The company has meanwhile threatened to take the Unite trade union to the courts to get an order that any strike will be illegal, since Article 43 of the Treaty of Rome allows companies in the EU freedom to establish business anywhere.
British Airways says the new airline would not be viable if all its pilots were employed under existing terms.
Referring to the members who turned out for the protest, Captain Dave Smith of the British Airline Pilots Association (Balpa) said: ‘This shows that we are determined that our jobs and our security and our family lives will be defended.’
Balpa General Secretary Jim McAuslan said: ‘This march and rally comes a week after a BA threat to serve an injunction on our association.
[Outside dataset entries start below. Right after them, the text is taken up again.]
Definition coinv_cert_rows : seq (seq int) :=
  [:: [:: 0;0;0;0;0;0;0;0;0;0;0];
      [:: 0;0;0;0;0;0;0;0;1;1;1];
      [:: 0;0;0;0;0;0;0;0;1;0;1];
      [:: 0;0;0;0;0;0;0;0;0;0;1];
      [:: 0;0;0;0;0;0;0;0;0;0;0];
      [:: 0;0;0;0;0;0;0;0;0;0;0];
      [:: 0;0;0;0;0;0;0;0;0;0;0];
      [:: 0;0;0;0;0;0;1;0;-1;-1;-1];
      [:: 0;0;0;0;0;0;0;0;0;0;0];
      [:: 0;0;0;0;0;0;0;0;0;0;0];
      [:: 0;0;0;0;0;0;0;0;0;0;0] ]%Z.

Lemma A_coinv_is_perm : coinv_is_perm A_n A_b A_c.
Proof.
have [] := @coinvariants_param _ _ _ A_n (int_mx 7 11 coinv_proj_rows)
  (int_mx 11 7 coinv_section_rows) (int_mx 11 11 coinv_cert_rows).
- by rewrite (int_mx1 7); int_mx_compute.
- by int_mx_compute.
- by int_mx_compute.
move=> phi_onto phi_ker; exists 7, (int_mx 7 11 coinv_proj_rows), swap34_56, swap12_56.
by split=> //; rewrite perm_mx_invol_perm; int_mx_compute.
Qed.

Definition cube_mx (e : C2cube) : 'M[Z2]_11 :=
  (if e.1.1 then A_n else 1%:M) *m (if e.1.2 then A_b else 1%:M)
    *m (if e.2 then A_c else 1%:M).

Lemma mxtrace_cube_mx e : e != cube0 -> \tr (cube_mx e) = 3.
Proof.
case: e => [[[] []] []] // _;
  rewrite /cube_mx /A_n /A_b /A_c mx_of_rowsE ?(int_mx1 11) !int_mxM mxtrace_int_mx;
  by rewrite [RHS]pmulrn; congr (_ *~ _); vm_compute.
Qed.

Lemma sum_C2cube (V : nmodType) (F : C2cube -> V) :
  \sum_e F e = \sum_(a : bool) \sum_(b : bool) \sum_(c : bool) F (a, b, c).
Proof. by rewrite !pair_bigA; apply: eq_bigr => -[[a b] c]. Qed.

Definition half_sum_rows : seq (seq int) :=
  [:: [:: 4;0;0;0;0;0;0;0;0;0;0];
      [:: 0;4;0;0;0;0;0;0;0;0;0];
      [:: 0;0;4;0;0;0;0;0;0;0;0];
      [:: 0;0;0;4;0;0;0;0;0;0;0];
      [:: 1;2;0;2;0;0;0;0;0;0;0];
      [:: 1;4;-2;0;0;0;0;0;0;0;0];
      [:: 1;-2;2;-2;0;0;0;0;0;0;0];
      [:: 0;-2;0;0;0;0;0;0;0;0;0];
      [:: 0;0;-2;2;0;0;0;0;0;0;0];
      [:: 0;-2;2;0;0;0;0;0;0;0;0];
      [:: 0;0;0;-2;0;0;0;0;0;0;0] ]%Z.

Lemma sum_cube_mx :
  \sum_e cube_mx e = int_mx 11 11 half_sum_rows + int_mx 11 11 half_sum_rows.
Proof. by rewrite sum_C2cube !big_bool /cube_mx /=; int_mx_compute. Qed.

Lemma A_not_perm_module : ~ is_perm_module3 A_n A_b A_c.
Proof.
case=> P [Q [sn [sb [sc [PQ QP nP bP cP]]]]].
have [[nn bb cc] [nb nc bc]] := A_C2cube_action.
pose s e : 'S_11 :=
  ((if e.1.1 then sn else 1) * (if e.1.2 then sb else 1) * (if e.2 then sc else 1))%g.
have cube_mxP e : cube_mx e *m P = P *m perm_mx (s e).
  have ifP (b : bool) A t : A *m P = P *m perm_mx t ->
      (if b then A else 1%:M) *m P = P *m perm_mx (if b then t else 1%g).
    by case: b => // _; rewrite mul1mx perm_mx1 mulmx1.
  by apply: intertwinedM; first apply: intertwinedM; apply: ifP.
pose act := cube_act sn sb sc.
have sE e x : s e x = act e x.
  by case: e => [[[] []] []]; rewrite /s /act /cube_act /= !permM ?perm1.
have actD := cube_actD
  (intertwined_invol QP nn nP) (intertwined_invol QP bb bP) (intertwined_invol QP cc cP)
  (intertwined_commute QP nb nP bP) (intertwined_commute QP nc nP cP)
  (intertwined_commute QP bc bP cP).
have fix3 e : e != cube0 -> #|cube_fix act e| = 3.
  move=> e_neq0; apply: natr_Z2_inj; rewrite -(mxtrace_cube_mx e_neq0).
  rewrite (mxtrace_intertwined PQ QP (cube_mxP e)).
  by congr (_%:R); apply: eq_card => x; rewrite !inE sE.
pose M : 'M[Z2]_11 := int_mx 11 11 half_sum_rows.
have sum_conj : \sum_e perm_mx (s e) = Q *m M *m P + Q *m M *m P.
  rewrite -mulmxDl -mulmxDr -sum_cube_mx mulmx_sumr mulmx_suml.
  by apply: eq_bigr => e _; rewrite (intertwined_conj QP (cube_mxP e)).
have stab_even x : ~~ odd #|cube_stab act x|.
  apply: (@natr_Z2_double_even _ ((Q *m M *m P) x x)).
  have -> : cube_stab act x = [set e | s e x == x] by apply/setP => e; rewrite !inE sE.
  by rewrite -sum_perm_mx_diag sum_conj mxE.
by have := C2cube_fix3_even_stab_card (fun=> erefl) actD fix3 stab_even; rewrite card_ord.
Qed.

Theorem mainTheorem12 :
  [/\ C2cube_action A_n A_b A_c,
      fixed_is_perm A_n A_b A_c,
      coinv_is_perm A_n A_b A_c
    & ~ is_perm_module3 A_n A_b A_c].
Proof.
split; [exact: A_C2cube_action | exact: A_fixed_is_perm
       | exact: A_coinv_is_perm | exact: A_not_perm_module].
Qed.
Lemma bipartite_of_no_chord arc x k (S : qt_geodesic arc x k) a b :
  irreflexive arc -> ~~ arc (x k.+1) (x 0) -> a <= k.+2 -> b <= k.+2 ->
  (odd a == odd b -> ~~ arc (x a) (x b)) /\
  (odd a != odd b -> adjacent arc (x a) (x b)).
Proof.
have [[x_step x_inj x_min] _ _ _] := S => arc_irr no_chord.
wlog ab : a b / (a <= b) => [hwlog a_le b_le | a_le b_le].
  have [ab | ba] := leqP a b; first exact: hwlog.
  have [_ diff_ba] := hwlog b a (ltnW ba) b_le a_le.
  split => [/eqP ab_par | ab_par].
    apply: contra no_chord => ab_arc.
    by apply: (chord_of_arc_back_even S _ _ ab_arc); lia.
  by rewrite adjacentC diff_ba // eq_sym.
split => [/eqP ab_par | ab_par].
  have [<- | a_ne] := eqVneq a b; first by rewrite arc_irr.
  by apply: (no_forward_chord x_step x_inj x_min); lia.
rewrite /adjacent; have [ba1 | b_ne] := eqVneq b a.+1.
  by rewrite ba1 x_step //; lia.
by apply/orP; right; apply: (arc_back_odd S); lia.
Qed.

End QtGeodesic.

Theorem theorem2p5 (V : finType) (arc : rel V) (k : nat)
  (Hloop : irreflexive arc)
  (Hkodd : odd k) (Hk5 : 5 <= k)
  (Hstrong : strong arc) (Hqt : quasi_transitive arc k)
  (Hdiam : diam_ge arc k.+2)
  (u v : V) (Huv : dist_is arc u v k.+2)
  (P : seq V) (HP : dipath arc u P v k.+2) :
  semicomplete_on arc (u :: P) \/ semicomplete_bipartite_on arc (u :: P).
Proof.
have S : qt_geodesic arc (nth u (u :: P)) k.
  by split => //; apply: geodesic_nth HP (proj2 Huv).
have size_uP : size (u :: P) = k.+3 by case/and4P: HP => _ _ _ /eqP /= ->.
case/boolP: (arc (nth u (u :: P) k.+1) (nth u (u :: P) 0)) => chord; [left | right].
  apply: (semicomplete_on_nth (x0 := u)) => a b; rewrite size_uP !ltnS.
  exact (adjacent_of_chord S chord).
apply: (semicomplete_bipartite_on_nth (x0 := u) (side := odd)) => a b.
rewrite size_uP !ltnS; exact (bipartite_of_no_chord S Hloop chord).
Qed.
(* For the population protocol USD and every $t\ge1$: (1) $\mathbb E_{t-1}[\psi_t]\le\psi_{t-1}\big(1-\frac1n\big)+\frac{\beta_{t-1}-\gamma_{t-1}}{n^2}$. (2) Conditioned on $\mathcal F_{t-1}$, $\psi_t-\mathbb E_{t-1}[\psi_t]$ satisfies the $\big(\frac{150}{n},\frac{150\beta_{t-1}}{n^2}\big)$-Bernstein condition.
   Context: Vertex set $V$, $|V|=n$; opinions in $\Sigma=[k]\cup\{\bot\}$ ($\bot$ = undecided). USD update rule: $\mathsf{update}(\sigma_1,\sigma_2)=\bot$ if $\sigma_1,\sigma_2\in[k]$ and $\sigma_1\ne\sigma_2$; $=\sigma_2$ if $\sigma_1=\bot$; $=\sigma_1$ otherwise. Population protocol USD: given $\mathrm{opn}_t\in\Sigma^V$, an ordered pair $(u,v)$ is chosen uniformly from $V\times V$ (with replacement), $\mathrm{opn}_{t+1}(u)=\mathsf{update}(\mathrm{opn}_t(u),\mathrm{opn}_t(v))$, and all other vertices keep their opinions. Notation: $\alpha_t(i)=|\{u:\mathrm{opn}_t(u)=i\}|/n$, $\beta_t=\sum_{i\in[k]}\alpha_t(i)$, $\gamma_t=\sum_{i\in[k]}\alpha_t(i)^2$, $\psi_t=\beta_t(2\beta_t-1)-\gamma_t$. $(\mathcal F_t)$ is the natural filtration; $\mathbb E_{t-1}$ is conditional expectation given $\mathcal F_{t-1}$. Bernstein condition: for $D,s\ge0$, $X$ satisfies the $(D,s)$-Bernstein condition if $\mathbb E[e^{\lambda X}]\le\exp\!\big(\frac{\lambda^2 s/2}{1-|\lambda|D/3}\big)$ for all real $\lambda$ with $|\lambda|D<3$. Conditioned on $\mathcal F_{t-1}$: the same with $\mathbb E_{t-1}$, almost surely. *)

From HB Require Import structures.
From mathcomp Require Import all_boot all_order all_algebra.
From mathcomp Require Import reals.
From mathcomp Require Import sequences exp.
Set Implicit Arguments. Unset Strict Implicit. Unset Printing Implicit Defensive.
Import Order.TTheory GRing.Theory Num.Theory.
Local Open Scope ring_scope.

Section USD.
Variables (R : realType) (V : finType) (k : nat).

(* Opinions: Some i for i in [k], None for the undecided opinion bot. *)
Definition opinion := option 'I_k.
Definition config := V -> opinion.

Definition update (s1 s2 : opinion) : opinion :=
  match s1, s2 with
  | Some i, Some j => if i == j then s1 else None
  | None, _ => s2
  | Some _, None => s1
  end.

Definition step (c : config) (p : V * V) : config :=
  fun w => if w == p.1 then update (c p.1) (c p.2) else c w.

Definition traj (c0 : config) (h : seq (V * V)) : config := foldl step c0 h.

Definition nV : R := #|V|%:R.

Definition alpha (c : config) (i : 'I_k) : R :=
  #|[pred u | c u == Some i]|%:R / nV.
Definition beta (c : config) : R := \sum_(i < k) alpha c i.
Definition gamma (c : config) : R := \sum_(i < k) alpha c i ^+ 2.
Definition psi (c : config) : R := beta c * (2 * beta c - 1) - gamma c.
Our message is clear – we will not be bullied, we will not be brushed off, we will persevere.’
Nevertheless, Balpa decided not to take strike action over Easter and is hoping that there can be a settlement outside of the courts, where a court ruling in favour of Article 43 would have ramifications all over the world.
However, there is no room for manoeuvre for either of the two sides.
Oil prices are rising rapidly, the banks are collapsing, and all of the airlines and the contractors who serve them on the ground are seeking to cut wages, jobs, and conditions. They say that only the fittest will be able to survive the developing economic storm.
The airport’s owner BAA has increased its charges in a move that is expected to make the airline companies determined to cut costs by cutting wages and charging more for tickets and services.
British Airways has already issued a severe profit warning, citing the economic crisis and a soaring oil price as pressures that cannot be ignored.
BA says profit margins will be 7 per cent in 2009, down from an expected 10 per cent in 2008. It also warned that fuel costs would rise by £450m to £2.5bn in 2009, as the price of oil climbs to well above $105 a barrel.
BA added that non-fuel costs will rise by between 3 per cent and 3.5 per cent, with total expenditure excluding fuel climbing by £200m, including a £35m hit from the move to Terminal 5 and increased costs caused by expanding the fleet.
BA’s rival Ryan Air says a tight EU economy and oil costs could hit profits by up to £180.5m in the next financial year.
The International Air Transport Association has also warned that the air industry is heading towards its biggest downturn since the September 11 attacks.
A class conflict between pilots and other workers defending their jobs, and the employers is therefore inevitable, all over the air transport industry.
Balpa and the other trade unions will have to face up to this situation and decide that they will defend their members’ interests by all means necessary. This does mean indefinite strike action.
It does mean having a programme for the nationalisation of the air transport industry as the only way of dealing with the capitalist crisis.
This does mean bringing down the Brown government and bringing in a workers’ government that will expropriate the bosses and the bankers to put an end to the capitalist crisis.